__WHAT THIS TASK INVOLVES__. Exactly and only the lines from the one containing "Definition valid_profile n" through the close of the entries below are to be set down.

EXERCISE INPUTS Block Start

(* Let $\Gamma=\langle V,(w_u)_{u\in V},\alpha,\beta\rangle$ be a celebrity game with $\beta>1$, $n=|V|$, $W=\sum_{u\in V}w_u$ and $w_{\max}=\max_u w_u$. The edgeless graph $I_n$ on $V$ is the unique Nash equilibrium graph of $\Gamma$ if and only if $\alpha\ge w_{\max}$ and there is more than one vertex $u\in V$ such that $\alpha>W-w_u$.
   Context: A celebrity game $\Gamma=\langle V,(w_u)_{u\in V},\alpha,\beta\rangle$ consists of a set of players $V=\{1,\dots,n\}$, celebrity weights $w_u>0$, a link cost $\alpha>0$ and a critical distance $\beta$ with $1\le\beta\le n-1$. A strategy of player $u$ is a set $S_u\subseteq V\setminus\{u\}$; a strategy profile is $S=(S_1,\dots,S_n)$; its outcome graph $G[S]$ is the undirected graph on $V$ with edge set $\{\{u,v\}: u\in S_v\text{ or }v\in S_u\}$. With $d_G$ the graph distance (infinite between different connected components), the cost of player $u$ is $c_u(S)=\alpha|S_u|+\sum_{v:\,d_{G[S]}(u,v)>\beta}w_v$. $S$ is a Nash equilibrium if no player can strictly decrease its cost by changing only its own strategy; a graph $G$ is a Nash equilibrium graph of $\Gamma$ if $G=G[S]$ for some Nash equilibrium $S$. *)

From HB Require Import structures.
From mathcomp Require Import all_boot all_order all_algebra.
Set Implicit Arguments. Unset Strict Implicit. Unset Printing Implicit Defensive.
Import Order.TTheory GRing.Theory Num.Theory.
Local Open Scope ring_scope.

(* A strategy profile: S u is the set of players u buys links to. *)
Definition profile (n : nat) := 'I_n -> {set 'I_n}.

Definition valid_profile n (S : profile n) : Prop := forall u, u \notin S u.

Definition outcome n (S : profile n) : rel 'I_n :=
  fun u v => (u \in S v) || (v \in S u).

(* within G k u v  <=>  d_G(u,v) <= k  (graph distance; infinite across components) *)
Fixpoint within n (G : rel 'I_n) (k : nat) (u v : 'I_n) : bool :=
  match k with
  | 0 => u == v
  | k.+1 => within G k u v || [exists x, within G k u x && G x v]
  end.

EXERCISE INPUTS Block End

__EXERCISE RESULT__.
Definition valid_profile n (S : profile n) : Prop := forall u, u \notin S u.

Definition outcome n (S : profile n) : rel 'I_n :=
  fun u v => (u \in S v) || (v \in S u).

(* within G k u v  <=>  d_G(u,v) <= k  (graph distance; infinite across components) *)
Fixpoint within n (G : rel 'I_n) (k : nat) (u v : 'I_n) : bool :=
  match k with
  | 0 => u == v
  | k.+1 => within G k u v || [exists x, within G k u x && G x v]
  end.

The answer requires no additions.